2.1 Load Required Packages:

In [None]:
import geopandas as gpd
import pandas as pd
import numpy as np
import seaborn as sns
import matplotlib.pyplot as plt

from sklearn.model_selection import train_test_split, RandomizedSearchCV
from sklearn.preprocessing import StandardScaler
from sklearn.decomposition import PCA
from sklearn.svm import SVR
from sklearn.ensemble import RandomForestRegressor, GradientBoostingRegressor
from sklearn.model_selection import cross_val_score
from sklearn.metrics import mean_squared_error


2.2 Load and Inspect Data:

In [None]:
# Load the shapefile (update user specific file path)
shapefile_path = r"C:\Users\ryanj\Desktop\project_1\tfl_38_VRI_cleaned\tfl_38_VRI_cleaned.shp"
tfl_38_VRI = gpd.read_file(shapefile_path)

# Display the first few rows
print(tfl_38_VRI.head())

# Check the column names and data types
print(tfl_38_VRI.info())

# Check for missing values
missing_values = tfl_38_VRI.isnull().sum()

# Print missing values or a message if none
if missing_values.sum() == 0:
    print("No missing values")
else:
    print(missing_values)

There are no missing values, but I noticed that some of the column names are incorrect. I also want to drop some of the unnecessary variables.

In [None]:
# Verifying column names
print(tfl_38_VRI.columns)

2.3 Drop Unnecessary Variables:

In [None]:
# List of columns to keep
cols_to_keep = ['FEATURE_ID', 'CROWN_CLOS', 'BASAL_AREA', 'VRI_LIVE_S', 
                'PROJ_AGE_1', 'PROJ_HEIGH', 'WHOLE_STEM', 'Shape_Leng', 
                'Shape_Area', 'geometry']

# Create a new DataFrame with only the specified columns
VRI_cleaned = tfl_38_VRI[cols_to_keep]

# Check the first few rows to confirm
print(VRI_cleaned.head())


The following columns are not named correctly:
- `CROWN_CLOS` should be: `CROWN_CLOSURE`
- `VRI_LIVE_S` should be: `VRI_LIVE_STEMS`
- `PROJ_HEIG` should be: `PROJ_HEIGHT`
- `WHOLE_STEM` should be: `WHOLE_STEMS`
- `Shape_Leng` should be: `Shape_Length`

In [None]:
# Fix variable names
VRI_cleaned = VRI_cleaned.rename(columns={
    'CROWN_CLOS': 'CROWN_CLOSURE',
    'VRI_LIVE_S': 'VRI_LIVE_STEMS',
    'PROJ_HEIGH': 'PROJ_HEIGHT_1',  
    'WHOLE_STEM': 'WHOLE_STEM_BIOMASS',
    'Shape_Leng': 'Shape_Length'
})

# Print the updated variable names to verify changes
print(VRI_cleaned.columns)

2.4 Basic Statistics:

In [None]:
# Basic statistics
print("\n--- Basic Statistics ---")
print(VRI_cleaned.describe())

# Check the Coordinate Reference System (CRS)
print("\n--- CRS ---")
print(VRI_cleaned.crs)

print(VRI_cleaned.columns)

# Verify spatial data integrity:
VRI_cleaned.plot(figsize=(10, 10), edgecolor="black")
plt.title("TFL 38 VRI - Map")
plt.show()

Now that my data is cleaned and verified, I will move on to exploratory data analysis.

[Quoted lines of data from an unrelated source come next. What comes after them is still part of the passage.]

Lemma open_basis_discrete (T : discreteTopologicalType) :
  open_basis (fun x : T => [set x]).
Proof.
split=> [x|x A /nbhs_singleton Ax]; first exact: discrete_open.
by exists x => // _ ->.
Qed.

Lemma open_basis_prod (T1 T2 : topologicalType) (I1 I2 : Type)
    (B1 : I1 -> set T1) (B2 : I2 -> set T2) :
  open_basis B1 -> open_basis B2 ->
  open_basis (fun k : I1 * I2 => B1 k.1 `*` B2 k.2).
Proof.
move=> [oB1 B1basis] [oB2 B2basis]; split=> [k|x A].
  rewrite openE => x [Bx1 Bx2]; exists (B1 k.1, B2 k.2) => //=.
  by split; apply: open_nbhs_nbhs; split; [exact: oB1|done|exact: oB2|done].
case=> -[A1 A2] /= [xA1 xA2] sA.
have [i1 Bx1 BA1] := B1basis _ _ xA1; have [i2 Bx2 BA2] := B2basis _ _ xA2.
by exists (i1, i2) => // y [/BA1 ? /BA2 ?]; apply: sA.
Qed.

Lemma open_basis_finprod (I : finType) (T : topologicalType) (J : Type)
    (B : J -> set T) :
  open_basis B ->
  open_basis (fun phi : {ffun I -> J} =>
    [set f : {ptws I -> T} | forall i, B (phi i) (f i)]).
Proof.
move=> [oB Bbasis]; split=> [phi|f A fA].
  rewrite (@openE {ptws I -> T}) => f Bf.
  apply: (@nbhs_prod_box _ (fun=> T) f (fun i => B (phi i))) => i.
  by apply: open_nbhs_nbhs; split; [exact: oB|exact: Bf].
have [U fU UA] := @nbhs_prod_exists_box _ (fun=> T) f A fA.
pose j i := cid2 (Bbasis _ _ (fU i)).
exists [ffun i => s2val (j i)] => [i|g Bg]; first by rewrite ffunE; exact: (s2valP (j i)).
by apply: UA => i; apply: (s2valP' (j i)); have := Bg i; rewrite ffunE.
Qed.

Lemma open_basis_rV (R : realType) (N : nat) :
  open_basis (fun k : 'rV[rat]_N * nat => ball (map_mx ratr k.1 : 'rV[R]_N) k.2.+1%:R^-1).
Proof.
split=> [k|x A /nbhs_ballP[e e0 eA]]; first exact: ball_open.
have [m _ /(_ m (leqnn m)) me] :=
  near_infty_natSinv_lt (PosNum (divr_gt0 e0 (ltr0n _ 2))).
have r0 : 0 < m.+1%:R^-1 :> R by rewrite invr_gt0 ltr0n.
have /choice[c cx] : forall x : R, exists q : rat, `|ratr q - x| < m.+1%:R^-1.
  move=> y; have /rat_in_itvoo[q] : y < y + m.+1%:R^-1 by rewrite ltrDl.
  rewrite in_itv /= => /andP[yq qy]; exists q.
  by rewrite ltr_distl qy andbT (lt_trans _ yq) // ltrBlDr ltrDl.
have xc : ball x m.+1%:R^-1 (map_mx ratr (map_mx c x)).
  by split=> // i j; rewrite /ball /= !mxE distrC.
exists (map_mx c x, m) => [|y /(ball_triangle xc) xy]; first exact: ball_sym.
by apply/eA/(le_ball _ xy); rewrite [e in _ <= e](splitr e) ltW // ltrD.
Qed.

#### 3. Exploratory Data Analysis:

In [None]:
# Check data type
column_data_types = VRI_cleaned.dtypes
print(column_data_types)

3.1 Explore Variable Properties and Relationships:

In [None]:
# Compute summary statistics
summary_stats = VRI_cleaned.describe()
print("\n--- Summary Statistics ---")
print(summary_stats)

# Create scatter plot matrix
sns.pairplot(VRI_cleaned)
plt.show()

In [None]:
# Select numeric columns
numeric_columns = VRI_cleaned.select_dtypes(include=['float64', 'int64', 'int32'])

# Compute the correlation matrix for numeric columns
correlation_matrix = numeric_columns.corr()

# Display the full correlation matrix
print("\n--- Correlation Matrix ---")
pd.set_option("display.max_rows", None, "display.max_columns", None)
print(correlation_matrix)

3.2 Correlation coefficient results:

Strong Correlations:
- **Basal Area & Whole Stem Biomass (0.9065)** – Stands with a higher basal area tend to have greater whole stem biomass.
- **Projected Height & Whole Stem Biomass (0.9166)** – Taller trees generally contribute to greater biomass.
- **Basal Area & Projected Height (0.7981)** – More basal area is associated with taller trees.
- **Shape Length & Shape Area (0.8867)** –  Greater length correlates with its area.

Moderate Correlations:
- **Crown Closure & Basal Area (0.7226)** – Denser crown cover is linked to higher basal area.
- **Crown Closure & Whole Stem Biomass (0.6378)** – More crown closure generally leads to more biomass.
- **Projected Age & Projected Height (0.4284)** – Older stands tend to be taller, but the correlation is not strong.

In [None]:
# Plot histograms with KDE for Crown Closure vs Basal Area, and Crown Closure vs Whole Stem Biomass
crown_closure = VRI_cleaned['CROWN_CLOSURE']
basal_area = VRI_cleaned['BASAL_AREA'] 
whole_stem_biomass = VRI_cleaned['WHOLE_STEM_BIOMASS']

fig, axes = plt.subplots(1, 2, figsize=(14, 6))

# Crown Closure vs Basal Area
sns.histplot(crown_closure, kde=True, color='salmon', bins=30, ax=axes[0], label='Crown Closure')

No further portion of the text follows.